The Wicked Prince
- Author: Hans Christian Andersen
- Original title: Den onde Fyrste
- Publication date: 1840
- Publication place: Denmark
- Media type: Short story
- Dewey Decimal: 398.2

= The Wicked Prince =

1840 Hans Christian Andersen fairy tale

The Wicked Prince (Den onde Fyrste) is a fairy tale by the Danish author and fabulist Hans Christian Andersen first published in 1840. The story of a conquering prince who aspires to overthrow God and is driven mad for his grandiosity, it has been analysed for its representation of technology and as an early work of science fiction.

==Synopsis==

The protagonist of The Wicked Prince is a cruel and ambitious prince (sometimes translated as king) who becomes powerful and wealthy after conquering and pillaging all his neighbouring polities. His armies overthrow a church, but the priests refuse to place statues of him upon their altars, on the basis that his worldly power is inferior to God's.
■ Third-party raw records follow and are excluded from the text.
(* Let $\Omega$ be a compact metric space, $T:\Omega\to\Omega$ continuous with a dense orbit, $\mathcal{H}$ a complete metric space and $A:\Omega\to\mathrm{Isom}(\mathcal{H})$ continuous for the topology of uniform convergence on bounded sets. Let $F:\Omega\times\mathcal{H}\to\Omega\times\mathcal{H}$, $F(\omega,h)=(T\omega,A(\omega)\cdot h)$, and $I_T(\omega,h)=(T\omega,h)$. The following are equivalent: (P2) there exists $G:\Omega\to\mathrm{Homeo}(\mathcal{H})$, continuous for the pointwise topology, such that the map $\mathcal{G}(\omega,h)=(\omega,G(\omega)\cdot h)$ satisfies $\mathcal{G}^{-1}\circ F\circ\mathcal{G}=I_T$; (P3) for every $(\omega_0,h_0)\in\Omega\times\mathcal{H}$ there exists a continuous map $s_{\omega_0,h_0}:\Omega\to\mathcal{H}$ with $s_{\omega_0,h_0}(\omega_0)=h_0$ and $A(\omega)\cdot s_{\omega_0,h_0}(\omega)=s_{\omega_0,h_0}(T\omega)$ for all $\omega\in\Omega$, and for every $\omega_0,\omega\in\Omega$ the map $h_0\mapsto s_{\omega_0,h_0}(\omega)$ is continuous.
   Context: Continuity of $A$ for uniform convergence on bounded sets: for every bounded $K\subset\mathcal{H}$, $\omega_0\in\Omega$, $\varepsilon>0$ there is $\delta>0$ with $d_{\mathcal{H}}(A(\omega)h,A(\omega_0)h)<\varepsilon$ for all $h\in K$ when $d_\Omega(\omega,\omega_0)<\delta$. $\mathrm{Homeo}(\mathcal{H})$ is the group of homeomorphisms of $\mathcal{H}$; $G:\Omega\to\mathrm{Homeo}(\mathcal{H})$ is continuous for the pointwise topology if $\omega\mapsto G(\omega)\cdot h$ is continuous for each $h\in\mathcal{H}$. *)

From HB Require Import structures.
From mathcomp Require Import all_boot all_order all_algebra.
From mathcomp Require Import all_classical all_reals all_analysis.
Set Implicit Arguments. Unset Strict Implicit. Unset Printing Implicit Defensive.
Import Order.TTheory GRing.Theory Num.Theory.
Local Open Scope classical_set_scope.
Local Open Scope ring_scope.

Section defs.
Context {R : realType}.

Definition complete_metric (X : metricType R) : Prop :=
  forall u : nat -> X,
    (forall e : R, 0 < e -> exists N : nat, forall m n : nat,
        (N <= m)%N -> (N <= n)%N -> mdist (u m) (u n) < e) ->
    exists l : X, u @ \oo --> l.

Definition bounded_set (X : metricType R) (K : set X) : Prop :=
  exists (c : X) (r : R), forall h, K h -> mdist c h <= r.

Definition is_isometry (X : metricType R) (f : X -> X) : Prop :=
  (forall x y, mdist (f x) (f y) = mdist x y) /\ (forall y, exists x, f x = y).

Definition ucb_continuous (Om H : metricType R) (A : Om -> H -> H) : Prop :=
  forall (K : set H) (w0 : Om) (e : R), bounded_set K -> 0 < e ->
    exists2 d : R, 0 < d & forall w : Om, mdist w w0 < d ->
      forall h, K h -> mdist (A w h) (A w0 h) < e.

Definition is_homeo_pair (X : metricType R) (f g : X -> X) : Prop :=
  continuous f /\ continuous g /\ cancel f g /\ cancel g f.

Definition has_dense_orbit (Om : metricType R) (T : Om -> Om) : Prop :=
  exists w0 : Om, dense (range (fun n : nat => iter n T w0)).

Definition skewF (Om H : Type) (T : Om -> Om) (A : Om -> H -> H)
  (p : Om * H) : Om * H := (T p.1, A p.1 p.2).

Definition I_T (Om H : Type) (T : Om -> Om) (p : Om * H) : Om * H :=
  (T p.1, p.2).

Definition fiberwise (Om H : Type) (G : Om -> H -> H) (p : Om * H) : Om * H :=
  (p.1, G p.1 p.2).

End defs.

(* If G conjugates F to I_T, then w |-> G(w) (G(w0)^-1 h0) is an invariant
   section through (w0, h0).  Conversely, as every A(w) is an isometry, the
   distance between two continuous invariant sections is T-invariant, hence
   constant by the dense orbit; so an invariant section is determined by its
   value at a single point, and G(w) h := s_{ws,h}(w), with inverse
   h |-> s_{w,h}(ws), is the required conjugacy. *)

From HB Require Import structures.
From mathcomp Require Import all_boot all_order all_algebra.
From mathcomp Require Import all_classical all_reals all_analysis.
From mathcomp Require Import lra.
Import Order.TTheory GRing.Theory Num.Theory numFieldNormedType.Exports.
Local Open Scope classical_set_scope.
Local Open Scope ring_scope.
Set Implicit Arguments. Unset Strict Implicit. Unset Printing Implicit Defensive.

Lemma dense_closed_setT (X : topologicalType) (S E : set X) :
  dense S -> closed E -> S `<=` E -> E = setT.
Proof.
move=> dS cE SE; apply/seteqP; split=> // x _; apply: contrapT => Ex.
have [y [Ey Sy]] := dS (~` E) (ex_intro _ x Ex) (closed_openC cE).
exact/Ey/SE.
Qed.

Lemma dense_orbit_invariant_cst (X Y : topologicalType) (T : X -> X) (x0 : X)
  (phi : X -> Y) : hausdorff_space Y ->
  dense (range (fun n => iter n T x0)) -> continuous phi ->
  (forall x, phi (T x) = phi x) -> forall x, phi x = phi x0.
Proof.
move=> hY D cphi phiT x.
have orbit n : phi (iter n T x0) = phi x0.
  by elim: n => // n IHn; rewrite iterS phiT.
have cst : phi @^-1` [set phi x0] = setT.
  apply: dense_closed_setT D _ _; last by move=> _ [n _ <-]; exact: orbit.
  apply: preimage_closed; first by move=> ? _; exact: cphi.
  exact/accessible_closed_set1/hausdorff_accessible.
by have : (phi @^-1` [set phi x0]) x by rewrite cst.
Qed.

Lemma ler_dist_mdist (R : realType) (M : metricType R) (x y x' y' : M) :
  `|mdist x y - mdist x' y'| <= mdist x x' + mdist y y'.
Proof.
have := metric_triangle x x' y; have := metric_triangle x' y' y.
have := metric_triangle x' x y'; have := metric_triangle x y y'.
rewrite (metric_sym x' x) (metric_sym y' y) ler_norml; lra.
Qed.

Lemma continuous_mdist (R : realType) (X : topologicalType) (M : metricType R)
  (f g : X -> M) : continuous f -> continuous g ->
  continuous (fun x => mdist (f x) (g x)).
Proof.
move=> cf cg x; apply/cvgrPdist_lt => e e0.
have e20 : 0 < e / 2 by rewrite divr_gt0.
near=> t.
have fxt : ball (f x) (e / 2) (f t) by near: t; apply: (cvg_ball (cf x) e20).
have gxt : ball (g x) (e / 2) (g t) by near: t; apply: (cvg_ball (cg x) e20).
move: fxt gxt; rewrite !ballEmdist /= => fxt gxt.
have := ler_dist_mdist (f x) (g x) (f t) (g t); lra.
Unshelve. all: by end_near.
Qed.

Section invariant_sections.
Variables (R : realType) (Om H : metricType R) (T : Om -> Om) (A : Om -> H -> H).

Definition invariant_section (s : Om -> H) := forall w, A w (s w) = s (T w).

Definition invariant_section_family (s : Om -> H -> Om -> H) :=
  (forall w0 h0, continuous (s w0 h0) /\ s w0 h0 w0 = h0 /\
    invariant_section (s w0 h0)) /\
  (forall w0 w, continuous (fun h0 => s w0 h0 w)).

Definition fiberwise_conjugacy (G Ginv : Om -> H -> H) :=
  (forall w, is_homeo_pair (G w) (Ginv w)) /\
  (forall h, continuous (fun w => G w h)) /\
  (forall p, fiberwise Ginv (skewF T A (fiberwise G p)) = I_T T p).

Hypothesis isoA : forall w x y, mdist (A w x) (A w y) = mdist x y.

(* The distance between two invariant sections is T-invariant, hence constant
   along the dense orbit, hence constant. *)
Lemma invariant_sections_eq (s s' : Om -> H) (w0 : Om) :
  has_dense_orbit T -> continuous s -> continuous s' ->
  invariant_section s -> invariant_section s' -> s w0 = s' w0 -> s =1 s'.
Proof.
move=> [ws D] cs cs' inv_s inv_s' ss'w0 w.
have dT w1 : mdist (s (T w1)) (s' (T w1)) = mdist (s w1) (s' w1).
  by rewrite -inv_s -inv_s' isoA.
have cst := dense_orbit_invariant_cst (@norm_hausdorff _ R^o) D
  (continuous_mdist cs cs') dT.
by apply: mdist_positivity; rewrite cst -(cst w0) ss'w0 mdistxx.
Qed.

Lemma invariant_section_family_rebase (s : Om -> H -> Om -> H) :
  has_dense_orbit T -> invariant_section_family s ->
  forall w0 w1 h0, s w1 (s w0 h0 w1) =1 s w0 h0.
Proof.
move=> D [hs _] w0 w1 h0; have [c0 [_ inv0]] := hs w0 h0.
have [c1 [s1w1 inv1]] := hs w1 (s w0 h0 w1).
exact: invariant_sections_eq D c1 c0 inv1 inv0 s1w1.
Qed.

Lemma fiberwise_conjugacy_invariant_sections (G Ginv : Om -> H -> H) :
  fiberwise_conjugacy G Ginv ->
  invariant_section_family (fun w0 h0 w => G w (Ginv w0 h0)).
Proof.
move=> [hom [cG conj]].
have inv h w : A w (G w h) = G (T w) h.
  have [_ [_ [_ GK]]] := hom (T w).
  have := conj (w, h); rewrite /fiberwise /skewF /I_T /= => -[Ginv_inv].
  by rewrite -[LHS]GK Ginv_inv.
split=> [w0 h0 | w0 w].
  have [_ [_ [_ GK]]] := hom w0.
  by split; [exact: cG | split; [exact: GK | move=> w; exact: inv]].
have [cGw _] := hom w; have [_ [cGinv _]] := hom w0.
by move=> h; apply: continuous_comp (cGinv h) (cGw _).
Qed.

Lemma invariant_sections_fiberwise_conjugacy
  (s : Om -> H -> Om -> H) (ws : Om) :
  has_dense_orbit T -> invariant_section_family s ->
  fiberwise_conjugacy (fun w h => s ws h w) (fun w h => s w h ws).
Proof.
move=> D hs; have rebase := invariant_section_family_rebase D hs.
have [hs0 cs] := hs.
have base w0 h0 : s w0 h0 w0 = h0 by have [_ []] := hs0 w0 h0.
split; [move=> w | split; [move=> h; exact: (hs0 ws h).1 | case=> w h]].
  split; first exact: cs.
  split; first exact: cs.
  by split=> h /=; rewrite rebase base.
have [_ [_ inv]] := hs0 ws h.
by rewrite /fiberwise /skewF /I_T /= inv rebase base.
Qed.

End invariant_sections.

Theorem proposition2p8 (R : realType) (Om H : metricType R)
  (T : Om -> Om) (A : Om -> H -> H) :
  compact [set: Om] ->
  continuous T ->
  has_dense_orbit T ->
  complete_metric H ->
  (forall w, is_isometry (A w)) ->
  ucb_continuous A ->
  ( (* (P2) *)
    (exists G Ginv : Om -> H -> H,
       (forall w, is_homeo_pair (G w) (Ginv w)) /\
       (forall h, continuous (fun w => G w h)) /\
       (forall p : Om * H,
          fiberwise Ginv (skewF T A (fiberwise G p)) = I_T T p))
  <->
    (* (P3) *)
    (exists s : Om -> H -> Om -> H,
       (forall (w0 : Om) (h0 : H),
          continuous (s w0 h0) /\ s w0 h0 w0 = h0 /\
          (forall w, A w (s w0 h0 w) = s w0 h0 (T w))) /\
       (forall w0 w : Om, continuous (fun h0 => s w0 h0 w)))).
Proof.
move=> _ _ D _ isoA _; have dist_isoA w := (isoA w).1.
have [ws _] := D.
split=> [[G [Ginv conj]] | [s family]].
  exists (fun w0 h0 w => G w (Ginv w0 h0)).
  exact (fiberwise_conjugacy_invariant_sections conj).
exists (fun w h => s ws h w), (fun w h => s w h ws).
exact (invariant_sections_fiberwise_conjugacy dist_isoA ws D family).
Qed.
Infuriated by this, the prince decides to conquer Heaven and overthrow God.

He builds a ship capable of flying through the air, armed with thousands of turrets and flying on the wings of hundreds of eagles. As the ship flies to Heaven, the prince is stopped in his tracks by a single angel, who is able to ground the ship with a single drop of blood from its wings. Though the prince nearly dies as his ship falls to Earth, he is invigorated in his goal and spends the next seven years building ever more-powerful vessels.

Seven years after his original attack, the prince returns to Heaven with new ships transporting a massive army. As his soldiers leave for Heaven, God sends a swarm of gnats to attack the prince. He tries to attack them with his sword, but is unable to hit them; following this, he demands his servants wrap him in silken coverings such that the gnats would be unable to reach him. As they do so, a single gnat sneaks through and stings the prince's ear. Driven mad by the pain, he throws off his robes and runs away, mocked by his soldiers for being defeated by a single gnat.

==Publication history==
The Wicked Prince was written by Hans Christian Andersen and first published in October 1840 under the Danish title Den onde Fyrste, in Salonen, et belletristik Maanedsskrift (Salon: A Belles-lettres Monthly). It was intended for publication in the Dansk Folkekalender, but was seemingly rejected. The story was first included in an anthology in 1868, 28 years following its original publication.

==Analysis==
The Wicked Prince is markedly more technological than most fables, a characteristic that has been discussed in analysis of Andersen's work. The bibliographer Erik Dal, describing the story as an "uncanny fantasy", recorded that its plot device of a flying dirigible predated the first successful real-world attempt by twelve years. In an analysis of the emotional content of fairy tales, it was one of four works by Andersen selected, alongside The Emperor's New Clothes, The Princess and the Pea, and The Little Match Girl. The story has been studied as a work of science fiction, for the role that insects play in the narrative, and as a metaphor for dictatorships, including through the publication of editions during the World War II Nazi occupation of Denmark comparing the prince to Adolf Hitler.